From the Editor

She was distressed by the voices and the paranoid thoughts. Many nights, my patient could barely sleep. She had tried several medications without much improvement. Is there a role for psychological interventions? Would CBT help? What is the evidence for this population?

In the first selection, Nurul Husna Salahuddin (of the Technical University of Munich) and co-authors attempt to answer these questions in a new systematic review and network meta-analysis, just published in Lancet Psychiatry. The analyzed 52 RCTs with 5 034 participants. “We provide robust findings that CBTp can reduce the overall symptoms of patients with treatment-resistant schizophrenia, and therefore clinicians can prioritise this intervention in their clinical practice.” We consider the paper and its clinical implications.

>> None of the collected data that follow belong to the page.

Lemma al_neq0 K : (K < l)%N -> al K != 0.
Proof. by rewrite -leq_pred_l; apply: (orthogonal_al_neq0 S_pd al_sq orth). Qed.

Lemma r_conj i j : (i < l)%N -> (j < l)%N -> bil S (r i) (r j) = (i == j)%:R * al i ^+ 2.
Proof. by rewrite -!leq_pred_l; apply: orth_rr orth. Qed.

Lemma S_p K : (K < l)%N -> S *m p K = - b - (ze K * be K.+1) *: (N *m q K.+1).
Proof.
elim: K => [|K IH] Kl.
  have al0_neq0 := al_neq0 Kl.
  rewrite p0 mulmxN -[S *m _]scalemxAr S_r // -N_q0 ze0; move: (q 0) (q 1) => x y.
  rewrite mulmxDr -!scalemxAr scalerDr !scalerA opprD.
  by congr (- (_ *: _) - (_ *: _)); field.
have alK1 := al_neq0 Kl.
rewrite pS mulmxBr (IH (ltnW Kl)) -[S *m _]scalemxAr S_r // zeS.
move: (q K.+1) (q K.+2) (al K.+1) (be K.+1) (be K.+2) (ze K) alK1 => x y a b1 b2 z a_neq0.
rewrite mulmxDr -!scalemxAr scalerDr !scalerA.
have -> : - (b1 / a) * z / a * a ^+ 2 = - (z * b1) by field.
have -> : - (b1 / a) * z / a * (a * b2) = - (b1 / a) * z * b2 by field.
by rewrite scaleNr opprD opprK addrA subrK.
Qed.

Lemma ze_neq0 K : (K < l)%N -> ze K != 0.
Proof.
elim: K => [|K IH] Kl; first by rewrite ze0 mulf_neq0 ?invr_eq0 ?be0_neq0 ?al_neq0.
rewrite zeS mulf_neq0 ?IH ?(ltnW Kl) // oppr_eq0 mulf_neq0 ?invr_eq0 ?al_neq0 //.
by apply: be_neq0; rewrite Kl.
Qed.

Lemma pstar_eq : pstar = p l.-1.
Proof.
have S_p_last : S *m p l.-1 = - b.
  by rewrite S_p ?ltn_predL // prednK // be_l mulr0 scale0r subr0.
by apply: (can_inj (mulKmx (pd_unitmx S_pd))); rewrite S_pstar S_p_last.
Qed.

Lemma qf_p_sub K j : (K <= j < l)%N -> qf S (p j - p K) = \sum_(K <= i < j) ze i.+1 ^+ 2.
Proof.
move=> /andP[Kj jl]; rewrite p_telescope // qf_sum_orth.
  apply: eq_big_nat => i /andP[_ ij]; have ail := al_neq0 (leq_ltn_trans ij jl).
  by rewrite qfZ -al_sq; field.
move=> i i' /andP[_ ij] /andP[_ i'j] ii'.
rewrite bilZl bilZr r_conj ?(leq_ltn_trans ij jl) ?(leq_ltn_trans i'j jl) //.
by rewrite eqSS (negbTE ii') mul0r !mulr0.
Qed.

Lemma sqr_Gnorm_err k : (0 < k <= l)%N ->
  Gnorm S (pstar - p k.-1) ^+ 2 = \sum_(k.+1 <= i < l.+1) ze i.-1 ^+ 2.
Proof.
move=> /andP[k0 kl]; rewrite (sqr_Gnorm _ S_pd) pstar_eq qf_p_sub; last first.
  by rewrite -!subn1 leq_sub2r //= subn1 ltn_predL.
have -> : k.+1 = (k.-1 + 2)%N by rewrite addn2 prednK.
by rewrite big_addn subn2; apply: eq_big_nat => i _; rewrite addn2.
Qed.

Lemma Gnorm_err_decr k : (0 < k < l)%N -> Gnorm S (pstar - p k) < Gnorm S (pstar - p k.-1).
Proof.
move=> /andP[k0 kl]; have ze_sq_gt0 : 0 < ze k ^+ 2 by rewrite lt_def sqr_ge0 sqrf_eq0 ze_neq0.
have Gnorm_sqrt x : Gnorm S x = Num.sqrt (Gnorm S x ^+ 2).
  by rewrite sqrtr_sqr ger0_norm ?sqrtr_ge0.
rewrite [X in X < _]Gnorm_sqrt [X in _ < X]Gnorm_sqrt.
rewrite (sqr_Gnorm_err (k := k.+1)) ?kl // sqr_Gnorm_err ?k0 ?(ltnW kl) //.
rewrite [in X in _ < X]big_ltn ?ltnS ?(ltnW kl) // ltr_sqrt ?ltrDr //.
by rewrite ltr_pwDl ?sumr_ge0 // => i _; rewrite sqr_ge0.
Qed.

End Termination.
End Solution.
End Recurrence.
End Craig.

Theorem mainTheorem5 (R : rcfType) (m n : nat)
  (M : 'M[R]_m) (A : 'M[R]_(m, n)) (C N : 'M[R]_n) (b : 'cV[R]_n)
  (ustar : 'cV[R]_m) (pstar : 'cV[R]_n) (l : nat) :
  (n <= m)%N ->
  sym_pd M -> \rank A = n -> sym_psd C -> b != 0 -> sym_pd N ->
  M *m ustar + A *m pstar = 0 ->
  A^T *m ustar - C *m pstar = b ->
  (1 <= l)%N ->
  (forall i, (2 <= i <= l)%N -> 0 < beta_ M A C N b i) ->
  beta_ M A C N b l.+1 = 0 ->
  let S := A^T *m invmx M *m A + C in
  let eu k := ustar - u_ M A C N b k in
  let ep k := pstar - p_ M A C N b k in
  (forall k, (1 <= k <= l)%N ->
     Gnorm M (eu k) ^+ 2 + qf C (ep k) = Gnorm S (ep k) ^+ 2 /\
     Gnorm S (ep k) ^+ 2 = \sum_(k.+1 <= i < l.+1) zeta_ M A C N b i ^+ 2) /\
  (forall k, (1 <= k <= l)%N ->
     Gnorm M (eu k) ^+ 2 <= \sum_(k.+1 <= i < l.+1) zeta_ M A C N b i ^+ 2) /\
  (forall k, (1 <= k < l)%N -> Gnorm S (ep k.+1) < Gnorm S (ep k)).
Proof.
(* [n <= m] is implied by [\rank A = n] and not needed. *)
move=> _ M_pd A_rank C_psd b_neq0 N_pd eq_u eq_p l_gt0 be_pos be_l S eu ep.
have be_neq0 K : (0 < K < l)%N -> cbeta (craig_iter M A C N b K) != 0.
  by move=> /andP[K0 Kl]; rewrite gt_eqF // (be_pos K.+1) // ltnS K0.
have err_sq k := Craig.sqr_Gnorm_err M_pd A_rank C_psd b_neq0 N_pd eq_u eq_p l_gt0
  be_neq0 be_l (k := k).
have energy k := Craig.energy_split N b M_pd A_rank C_psd eq_u k.-1.
split; [|split] => k kl.
- by split; [exact: energy | exact: err_sq].
- by rewrite -err_sq // -energy lerDl C_psd.2.
- by have := Craig.Gnorm_err_decr M_pd A_rank C_psd b_neq0 N_pd eq_u eq_p l_gt0
    be_neq0 be_l kl.
Qed.
(* A partial order is unary FA-presentable if and only if it is isomorphic to one obtained by propagating a unary FA-foundational partial order $(Q,\le)$ in which every seed $P_k=\{p^{(k)}_1,\dots,p^{(k)}_5\}$ is either an anti-chain (no two distinct $p^{(k)}_i$ comparable), an ascending chain ($p^{(k)}_1<p^{(k)}_2<p^{(k)}_3<p^{(k)}_4<p^{(k)}_5$), or a descending chain ($p^{(k)}_1>p^{(k)}_2>p^{(k)}_3>p^{(k)}_4>p^{(k)}_5$).
   Context: A structure is unary FA-presentable if there exist a regular language $L\subseteq a^*$ and a surjection $\phi:L\to X$ such that for equality and for the relation, the set of pairs $(u,v)\in L^2$ whose images are related is regular (i.e. the set of words $\mathrm{conv}(u,v)$ over $\{a,\$\}^2$, reading both words in parallel with the shorter padded by $\$$, is a regular language). A unary FA-foundational binary relation is a finite set $Q$ with a relation $\rho$ and pairwise disjoint five-element subsets (seeds) $P_k=\{p^{(k)}_1,\dots,p^{(k)}_5\}$, $0\le k\le n-1$ ($n\ge0$), such that with $Q'=Q\setminus\bigcup_k P_k$, for all $k,l$ (possibly equal) and $q\in Q'$: (1) the statements $p^{(k)}_i\rho p^{(l)}_i$ ($1\le i\le5$) are all true or all false; (2) the statements $p^{(k)}_i\rho p^{(l)}_{i+1}$ ($1\le i\le4$) are all true or all false; (3) the statements $p^{(k)}_{i+1}\rho p^{(l)}_i$ ($1\le i\le 4$) are all true or all false; (4) the statements $p^{(k)}_i\rho p^{(l)}_j$ with $j-i\ge2$ are all true or all false; (5) the statements $p^{(k)}_j\rho p^{(l)}_i$ with $j-i\ge2$ are all true or all false; (6) the statements $q\rho p^{(k)}_i$ ($2\le i\le5$) are all true or all false; (7) the statements $p^{(k)}_i\rho q$ ($2\le i\le 5$) are all true or all false. A unary FA-foundational partial order is one in which $\rho$ is a partial order on $Q$. Propagation yields $(\hat Q,\hat\rho)$ with $\hat Q=Q'\cup\{p^{(k)}_i:0\le k<n,\ i\in\mathbb{N}\}$ ($\mathbb{N}=\{1,2,\dots\}$, new elements for $i\ge6$) and: $\hat\rho=\rho$ on $Q'$; $p^{(k)}_i\hat\rho p^{(l)}_j$ iff [$j=i$ and $p^{(k)}_1\rho p^{(l)}_1$] or [$j=i+1$ and $p^{(k)}_1\rho p^{(l)}_2$] or [$j=i-1$ and $p^{(k)}_2\rho p^{(l)}_1$] or [$j\ge i+2$ and $p^{(k)}_1\rho p^{(l)}_3$] or [$j\le i-2$ and $p^{(k)}_3\rho p^{(l)}_1$]; for $q\in Q'$: $q\hat\rho p^{(k)}_1$ iff $q\rho p^{(k)}_1$, $q\hat\rho p^{(k)}_i$ ($i\ge2$) iff $q\rho p^{(k)}_2$, $p^{(k)}_1\hat\rho q$ iff $p^{(k)}_1\rho q$, $p^{(k)}_i\hat\rho q$ ($i\ge2$) iff $p^{(k)}_2\rho q$. *)

From mathcomp Require Import all_boot.
Set Implicit Arguments. Unset Strict Implicit. Unset Printing Implicit Defensive.

Record dfa (Sigma : Type) := DFA {
  dstate : finType;
  dstart : dstate;
  dstep : dstate -> Sigma -> dstate;
  dfinal : pred dstate }.

Definition dfa_accept (Sigma : Type) (A : dfa Sigma) (w : seq Sigma) : bool :=
  @dfinal _ A (foldl (@dstep _ A) (@dstart _ A) w).

Definition regular (Sigma : Type) (L : seq Sigma -> Prop) : Prop :=
  exists A : dfa Sigma, forall w, L w <-> dfa_accept A w.

(* convolution of two words; None plays the role of the padding symbol $ *)
Definition conv (Sigma : Type) (u v : seq Sigma) : seq (option Sigma * option Sigma) :=
  mkseq (fun i => (nth None (map Some u) i, nth None (map Some v) i))
        (maxn (size u) (size v)).

Definition regular2 (Sigma : Type) (S : seq Sigma -> seq Sigma -> Prop) : Prop :=
  regular (fun w => exists u v, S u v /\ w = conv u v).

Definition unary_FA_presentable (X : Type) (R : X -> X -> Prop) : Prop :=
  exists (L : seq unit -> Prop) (phi : {u | L u} -> X),
    regular L /\
    (forall x, exists u, phi u = x) /\
    regular2 (fun u v => exists (hu : L u) (hv : L v),
                 phi (exist _ u hu) = phi (exist _ v hv)) /\
    regular2 (fun u v => exists (hu : L u) (hv : L v),
                 R (phi (exist _ u hu)) (phi (exist _ v hv))).

Definition partial_order (X : Type) (R : X -> X -> Prop) : Prop :=
  (forall x, R x x) /\ (forall x y, R x y -> R y x -> x = y) /\
  (forall x y z, R x y -> R y z -> R x z).

(* ---------- Unary FA-foundational relations ----------
   Seeds P_k = {p k 0, ..., p k 4} (0-based: p k i is p^{(k)}_{i+1}). *)
Section Found.
Variables (Q : finType) (rho : rel Q) (n : nat) (p : 'I_n -> 'I_5 -> Q).

Definition seeds_disjoint : Prop :=
  injective (fun ki : 'I_n * 'I_5 => p ki.1 ki.2).

Definition inQ' (q : Q) : bool := [forall k, forall i, p k i != q].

In the second selection from JAMA Network Open, Sarah C. Leighton (of the University of Arizona) and her co-authors describe a study involving service dogs for those with PTSD. In a nonrandomized controlled trial involving 156 military members and veterans, they examined outcomes after three months. “[C]ompared with usual care alone, partnership with a trained psychiatric service dog was associated with lower PTSD symptom severity and higher psychosocial functioning in veterans.”

Finally, we explore the latest news with recent articles from The Guardian, the Ottawa Citizen, and The New York Times. Among the topics: “honest” obituaries and the opioid crisis, antidepressants and withdrawal, and care for pregnant women with substance problems.

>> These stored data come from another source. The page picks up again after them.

(* Let $T\ge 2$ be an integer and $n=T^2$. Consider the family of Adaptive Sampling for Discovery (ASD) problems with unlabeled set $S^n=[n]=\{1,\dots,n\}$, parameter $\theta\in[0,1]^n$, and label distribution $\mathcal{D}_{\theta\mid x}=\mathcal{N}(\theta_x,1)$ for $x\in[n]$ (so $f_\theta(x)=\theta_x$). For any algorithm $\mathcal{A}$ there exists a prior distribution on $\theta\in[0,1]^n$ (i.e. over this family of ASD problems) such that $\mathcal{BR}(T,\mathcal{A})\ge cT$, where $c>0$ is a universal constant.
   Context: Adaptive Sampling for Discovery (ASD): an unknown parameter $\theta$ is drawn from a prior; given input $x$ the label is drawn from $\mathcal{D}_{\theta\mid x}$, and $f_\theta(x)=\mathbb{E}_{Y\sim\mathcal{D}_{\theta\mid x}}[Y]$. Starting from a finite unlabeled set $S^n$, at each step $t=1,\dots,T$ an algorithm chooses (possibly at random, based on the history $\mathcal{F}_t=\{(X_i,Y_i)\}_{i<t}$) a point $X_t\in S^n_t:=S^n\setminus\{X_1,\dots,X_{t-1}\}$ and observes $Y_t\sim\mathcal{D}_{\theta\mid X_t}$; each point can be labeled at most once. The regret is $R_T=\max_{x_1,\dots,x_T\in S^n \text{ distinct}}\sum_{t=1}^T f_\theta(x_t)-\sum_{t=1}^T f_\theta(X_t)$, and the Bayesian regret is $\mathcal{BR}(T,\mathcal{A})=\mathbb{E}[R_T]$, the expectation being over the prior on $\theta$, the labels, and the algorithm's randomness. *)

From HB Require Import structures.
From mathcomp Require Import all_boot all_order all_algebra.
From mathcomp Require Import all_classical all_reals all_analysis.

Set Implicit Arguments.
Unset Strict Implicit.
Unset Printing Implicit Defensive.

Import Order.TTheory GRing.Theory Num.Theory.
Local Open Scope classical_set_scope.
Local Open Scope ring_scope.

(* A (possibly randomized) algorithm for horizon T: after k steps, given the
   history (X_1..X_k) = xs and (Y_1..Y_k) = ys, it picks X_{k+1} = x with
   probability [policy xs ys x].  It only picks unlabeled points, and the
   choice probabilities are (jointly Borel) measurable functions of the
   observed labels, so that all expectations are well defined. *)
Record algorithm (R : realType) (n T : nat) := Algorithm {
  policy : forall k : nat, k.-tuple 'I_n -> k.-tuple R -> 'I_n -> R;
  policy_ge0 : forall k (xs : k.-tuple 'I_n) ys x, 0 <= policy xs ys x;
  policy_sum1 : forall k (xs : k.-tuple 'I_n) ys, (k < T)%N ->
    \sum_(x : 'I_n) policy xs ys x = 1;
  policy_unlabeled : forall k (xs : k.-tuple 'I_n) ys x,
    x \in (xs : seq 'I_n) -> policy xs ys x = 0;
  policy_measurable : forall k (xs : k.-tuple 'I_n) x,
    measurable_fun setT (fun ys : k.-tuple R => policy xs ys x)
}.

Section ASD.
Context {R : realType} {n T : nat} (A : algorithm R n T).
Local Open Scope ereal_scope.

Fixpoint exp_reward (theta : 'I_n -> R) (m k : nat)
    (xs : k.-tuple 'I_n) (ys : k.-tuple R) : \bar R :=
  match m with
  | 0 => 0
  | m'.+1 =>
      \sum_(x : 'I_n) (policy A xs ys x)%:E *
        ((theta x)%:E +
         \int[normal_prob (theta x) 1]_y
            exp_reward theta m' [tuple of rcons xs x] [tuple of rcons ys y])
  end.

Definition expected_reward (theta : 'I_n -> R) : \bar R :=
  exp_reward theta T [tuple] [tuple].

Definition best_reward (theta : 'I_n -> R) : R :=
  (\big[Num.max/0%R]_(s : {ffun 'I_T -> 'I_n} | injectiveb s)
      \sum_(t : 'I_T) theta (s t))%R.

Definition expected_regret (theta : 'I_n -> R) : \bar R :=
  (best_reward theta)%:E - expected_reward theta.

(* Bayesian regret for a (finitely supported) prior given as a list of
   (weight, parameter) pairs. *)
Definition bayes_regret (prior : seq (R * {ffun 'I_n -> R})) : \bar R :=
  \sum_(p <- prior) (p.1)%:E * expected_regret p.2.

End ASD.

Definition is_prior {R : realType} {n : nat}
    (prior : seq (R * {ffun 'I_n -> R})) : Prop :=
  (forall p, p \in prior -> 0 <= p.1 /\ forall x, 0 <= p.2 x <= 1) /\
  \sum_(p <- prior) p.1 = 1.

From HB Require Import structures.
From mathcomp Require Import all_boot all_order all_algebra.
From mathcomp Require Import all_classical all_reals all_analysis.
From mathcomp Require Import measurable_realfun.
From mathcomp.algebra_tactics Require Import ring.
From mathcomp Require Import zify.

(* Take the uniform prior on theta in {0,1}^n.  Every point the algorithm
   picks is still unlabeled, and flipping theta at that point is a symmetry
   of the prior that does not change the history observed so far; hence each
   pick earns 1/2 on average and the expected reward is T/2.  On the other
   hand, pairing 2T of the n = T^2 points and choosing in each pair a point
   with theta = 1 whenever there is one yields T distinct points worth 3T/4
   on average.  The Bayesian regret is thus at least T/4. *)

Set Implicit Arguments.
Unset Strict Implicit.
Unset Printing Implicit Defensive.

Import Order.TTheory GRing.Theory Num.Theory.
Local Open Scope ring_scope.

Section BitFlip.
Variable I : finType.
Implicit Types (b : {ffun I -> bool}) (x z : I).

Definition flip x b : {ffun I -> bool} := [ffun z => (z == x) (+) b z].

Lemma flipK x : involutive (flip x).
Proof. by move=> b; apply/ffunP => z; rewrite !ffunE addKb. Qed.

Lemma flip_at x b : flip x b x = ~~ b x.
Proof. by rewrite ffunE eqxx. Qed.

Lemma flip_off x z b : z != x -> flip x b z = b z.
Proof. by rewrite ffunE => /negbTE ->. Qed.

Lemma big_fiber_flip (V : nmodType) (F : {ffun I -> bool} -> V) x v :
  (forall b, F (flip x b) = F b) ->
  \sum_(b : {ffun I -> bool} | b x == v) F b =
  \sum_(b : {ffun I -> bool} | b x == ~~ v) F b.
Proof.
move=> Finv; rewrite (reindex_inj (inv_inj (flipK x))) /=.
by apply: eq_big => [b|b _]; rewrite ?flip_at ?Finv // -eqb_negLR.
Qed.

Lemma sum_fiber_flip (V : nmodType) (F : {ffun I -> bool} -> V) x v :
  (forall b, F (flip x b) = F b) ->
  \sum_(b : {ffun I -> bool}) F b = (\sum_(b : {ffun I -> bool} | b x == v) F b) *+ 2.
Proof.
move=> Finv; rewrite (bigID (fun b => b x == v)) /= mulr2n.
rewrite (big_fiber_flip v Finv); congr (_ + _).
by apply: eq_bigl => b; case: v; case: (b x).
Qed.

Lemma sum_bit_mul (R : numFieldType) (F : {ffun I -> bool} -> R) x :
  (forall b, F (flip x b) = F b) ->
  \sum_(b : {ffun I -> bool}) (b x)%:R * F b = (\sum_(b : {ffun I -> bool}) F b) / 2.
Proof.
move=> Finv; rewrite (sum_fiber_flip true Finv) -[X in X / 2]mulr_natr.
rewrite mulfK ?pnatr_eq0 //.
by rewrite [RHS]big_mkcond; apply: eq_bigr => b _; case: (b x); rewrite ?mul1r ?mul0r.
Qed.

Lemma sum_bit (R : numFieldType) x :
  \sum_(b : {ffun I -> bool}) (b x)%:R = #|{ffun I -> bool}|%:R / 2 :> R.
Proof.
rewrite (eq_bigr (fun b => (b x)%:R * 1)) => [|b _]; last by rewrite mulr1.
by rewrite (sum_bit_mul (F := fun=> 1)) // sumr_const.
Qed.

Lemma sum_bit_or (R : numFieldType) x z : z != x ->
  \sum_(b : {ffun I -> bool}) (b x || b z)%:R = #|{ffun I -> bool}|%:R * 3 / 4 :> R.
Proof.
move=> zx; pose N : R := #|{ffun I -> bool}|%:R.
have -> : \sum_(b : {ffun I -> bool}) (b x || b z)%:R =
    \sum_(b : {ffun I -> bool}) ((b x)%:R + (b z)%:R * (~~ b x)%:R) :> R.
  apply: eq_bigr => b _; case: (b x); case: (b z);
  by rewrite /= ?mulr0 ?mul0r ?mulr1 ?addr0 ?add0r.
rewrite big_split /= sum_bit_mul; last by move=> b; rewrite flip_off // eq_sym.
rewrite [X in X / 2](eq_bigr (fun b => 1 - (b x)%:R)); last first.
  by move=> b _; case: (b x); rewrite /= ?subr0 ?subrr.
by rewrite sumrB sumr_const !sum_bit -/N; field.
Qed.

End BitFlip.

Lemma measurable_rcons_tuple d (X : measurableType d) k :
  measurable_fun [set: k.-tuple X * X]
    (fun p : k.-tuple X * X => [tuple of rcons p.1 p.2]).
Proof.
apply/measurable_fun_tnthP => i; have [ik|] := ltnP i k.
  have -> : @tnth k.+1 X ^~ i \o (fun p : k.-tuple X * X => [tuple of rcons p.1 p.2])
      = @tnth k X ^~ (Ordinal ik) \o fst.
    apply/funext => -[xs x] /=.
    by rewrite !(tnth_nth x) /= nth_rcons size_tuple ik.
  exact: measurableT_comp (measurable_tnth _) measurable_fst.
move=> ki; have ik : i = k :> nat by apply/eqP; rewrite eqn_leq ki -ltnS ltn_ord.
have -> : @tnth k.+1 X ^~ i \o (fun p : k.-tuple X * X => [tuple of rcons p.1 p.2]) = snd.
  apply/funext => -[xs x] /=.
  by rewrite (tnth_nth x) /= nth_rcons size_tuple ik ltnn eqxx.
exact: measurable_snd.
Qed.

Lemma eq_half_EFin (R : numFieldType) (s : \bar R) (c : R) :
  (s *+ 2 = c%:E)%E -> s = (c / 2)%:E.
Proof. by rewrite mulr2n; case: s => [r [<-]||] //; congr EFin; field. Qed.

Definition bool_param (R : nzSemiRingType) (I : finType) (b : {ffun I -> bool}) :
  {ffun I -> R} := [ffun x => (b x)%:R].

Lemma bool_param_ge0 (R : numDomainType) (I : finType) (b : {ffun I -> bool}) x :
  0 <= bool_param R b x.
Proof. by rewrite ffunE ler0n. Qed.

Section ExpectedReward.
Variables (R : realType) (n T : nat) (A : algorithm R n T).
Local Open Scope ereal_scope.
Implicit Types (theta : 'I_n -> R) (x : 'I_n).

Lemma exp_rewardS theta m k (xs : k.-tuple 'I_n) ys :
  exp_reward A theta m.+1 xs ys =
  \sum_(x : 'I_n) (policy A xs ys x)%:E * ((theta x)%:E +
    \int[normal_prob (theta x) 1]_y
      exp_reward A theta m [tuple of rcons xs x] [tuple of rcons ys y]).
Proof. by []. Qed.

Section NonnegativeParameter.
Variables (theta : 'I_n -> R) (theta_ge0 : forall x, (0 <= theta x)%R).

Lemma exp_reward_ge0 m k (xs : k.-tuple 'I_n) ys : 0 <= exp_reward A theta m xs ys.
Proof.
elim: m k xs ys => [|m IH] k xs ys //; rewrite exp_rewardS.
apply: sume_ge0 => x _; apply: mule_ge0; first by rewrite lee_fin policy_ge0.
by apply: adde_ge0; [rewrite lee_fin | apply: integral_ge0 => y _].
Qed.

Lemma measurable_exp_reward m k (xs : k.-tuple 'I_n) :
  measurable_fun [set: k.-tuple R] (fun ys => exp_reward A theta m xs ys).
Proof.
elim: m k xs => [|m IH] k xs; first exact: measurable_cst.
apply: emeasurable_sum => x; apply: emeasurable_funM.
  by apply/measurable_EFinP; exact: policy_measurable.
apply: emeasurable_funD; first exact: measurable_cst.
pose f (p : k.-tuple R * R) :=
  exp_reward A theta m [tuple of rcons xs x] [tuple of rcons p.1 p.2].
have mf : measurable_fun setT f.
  exact: measurableT_comp (IH _ [tuple of rcons xs x]) (@measurable_rcons_tuple _ _ k).
have := measurable_fun_fubini_tonelli_F (m2 := normal_prob (theta x) 1) f mf
  (fun p => exp_reward_ge0 _ _ _).
by rewrite /fubini_F.
Qed.

Lemma measurable_exp_reward_rcons m k (xs : k.-tuple 'I_n) (ys : k.-tuple R) x :
  measurable_fun [set: R]
    (fun y => exp_reward A theta m [tuple of rcons xs x] [tuple of rcons ys y]).
Proof.
exact: measurableT_comp (@measurable_exp_reward m _ [tuple of rcons xs x])
  (measurableT_comp (@measurable_rcons_tuple _ _ k) (pair1_measurable ys)).
Qed.

End NonnegativeParameter.

Lemma eq_exp_reward_unlabeled theta theta' m k (xs : k.-tuple 'I_n) ys :
  (forall x, x \notin (xs : seq 'I_n) -> theta x = theta' x) ->
  exp_reward A theta m xs ys = exp_reward A theta' m xs ys.
Proof.
elim: m k xs ys => [//|m IH] k xs ys eq_theta; rewrite !exp_rewardS.
apply: eq_bigr => x _; have [xs_x|xs'x] := boolP (x \in (xs : seq 'I_n)).
  have -> : policy A xs ys x = 0%R by exact: policy_unlabeled.
  (* Rewriting with [mul0e] in the goal would compare the two integrals by
     conversion, which does not terminate in practice. *)
  have mul0E a b : (0%R)%:E * a = (0%R)%:E * b by rewrite !mul0e.
  exact: mul0E.
rewrite (eq_theta x xs'x); congr (_ * (_ + _)); apply: eq_integral => y _.
apply: IH => z; rewrite mem_rcons in_cons negb_or => /andP[_].
exact: eq_theta.
Qed.

End ExpectedReward.

Section AveragedReward.
Variables (R : realType) (n T : nat) (A : algorithm R n T).
Local Notation N := (#|{ffun 'I_n -> bool}|%:R : R).
Local Open Scope ereal_scope.

Lemma exp_reward_flip_labeled m k (xs : k.-tuple 'I_n) ys x b :
  x \in (xs : seq 'I_n) ->
  exp_reward A (bool_param R (flip x b)) m xs ys = exp_reward A (bool_param R b) m xs ys.
Proof.
move=> xs_x; apply: eq_exp_reward_unlabeled => z xs'z.
by rewrite ffunE flip_off ?ffunE //; apply: contraNneq xs'z => ->.
Qed.

Lemma sum_integral_exp_reward m k (xs : k.-tuple 'I_n) (ys : k.-tuple R) x c :
  (forall y, \sum_(b : {ffun 'I_n -> bool})
     exp_reward A (bool_param R b) m [tuple of rcons xs x] [tuple of rcons ys y]
   = c%:E) ->
  \sum_(b : {ffun 'I_n -> bool}) \int[normal_prob (bool_param R b x) 1]_y
     exp_reward A (bool_param R b) m [tuple of rcons xs x] [tuple of rcons ys y] = c%:E.
Proof.
pose E (b : {ffun 'I_n -> bool}) y :=
  exp_reward A (bool_param R b) m [tuple of rcons xs x] [tuple of rcons ys y].
move=> sumE; have fiber v : \sum_(b : {ffun 'I_n -> bool} | b x == v)
    \int[normal_prob (bool_param R b x) 1]_y E b y = (c / 2)%:E.
  rewrite (eq_bigr (fun b => \int[normal_prob v%:R 1]_y E b y)) => [|b /eqP <-];
    last by rewrite ffunE.
  rewrite -big_filter -ge0_integral_sum //; first last.
  - by move=> b y _; apply: exp_reward_ge0; exact: bool_param_ge0.
  - by move=> b; apply: measurable_exp_reward_rcons; exact: bool_param_ge0.
  rewrite (eq_integral (cst (c / 2)%:E)) => [|y _]; last first.
    rewrite big_filter; apply: eq_half_EFin.
    rewrite -(sumE y) (@sum_fiber_flip _ _ (E^~ y) x v) //.
    by move=> b; apply: exp_reward_flip_labeled; rewrite mem_rcons mem_head.
  by rewrite integral_cst // [X in _ * X]probability_setT mule1.
rewrite (partition_big (fun b : {ffun 'I_n -> bool} => b x) xpredT) // big_bool /=.
by rewrite !fiber -EFinD -splitr.
Qed.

Selection 1: “Psychological and psychosocial interventions for treatment-resistant schizophrenia: a systematic review and network meta-analysis”

Nurul Husna Salahuddin, Alexandra Schütz, Gabi Pitschel-Walz, et al.

The Lancet Psychiatry, 4 July 2024  Online First

Schizophrenia is a chronic and serious mental illness affecting almost 24 million people worldwide, characterised by positive, negative, affective, and cognitive symptoms leading to serious functional disability. Pharmacological interventions with antipsychotics have been the mainstay of treatment since their introduction in the 1950s. However, antipsychotics are not always effective in treating the symptoms of the illness…

To the best of our knowledge, only two small reviews on psychological interventions have been conducted in patients with treatment-resistant schizophrenia, but they were restricted to cognitive behavioural therapy (CBT) and used a simple pairwise meta-analysis. As a result, the current evidence does not answer the question of which psychological treatments are likely to be the best in the different outcome parameters (eg, symptoms of schizophrenia or functioning) for treatment-resistant schizophrenia.

Here’s what they did:

  • They conducted a systematic review and network meta-analysis after searching for published and unpublished randomized controlled trials (RCTs) and “included all randomised controlled trials (RCTs) that compared psychological or psychosocial interventions in adults with a diagnosis of schizophrenia or related disorders.”
  • They drew on several databases, including PubMed.
  • “No restrictions in terms of gender, ethnicity, language, country, or setting were applied.”
  • The primary outcome: “overall symptoms of schizophrenia measured by validated rating scales at end of treatment.”

Here’s what they found: 

  • They screened more than 30 000 records, and retrieved and assessed 5 762 full-text articles. Many were excluded, leaving 222 records (60 studies) for the network meta-analysis and 200 for the quantitative synthesis (52 RCTs).
  • Demographics and illness experience. Most participants were men (66.8%) with a mean age of 38 years. Most were moderately ill, and the mean duration of illness was 12.96 years.
  • Risk of bias. The risk of bias was judged to be low for two studies, moderate for 21 studies, and high for eight studies.
  • Network meta-analysis. Of these, 52 RCTs comparing 20 psychological and psychosocial interventions provided data for the NMA. “Cognitive behavioural therapy for psychosis (CBTp; SMD –0·22… 35 trials), virtual reality intervention (SMD –0·41… four trials), integrated intervention (SMD –0·70… three trials), and music therapy (SMD –1·27… one study) were more efficacious than standard care in reducing overall symptoms.”

A few thoughts:

1. This is a good study, drawing on RCTs, with practical implications and published in a major journal.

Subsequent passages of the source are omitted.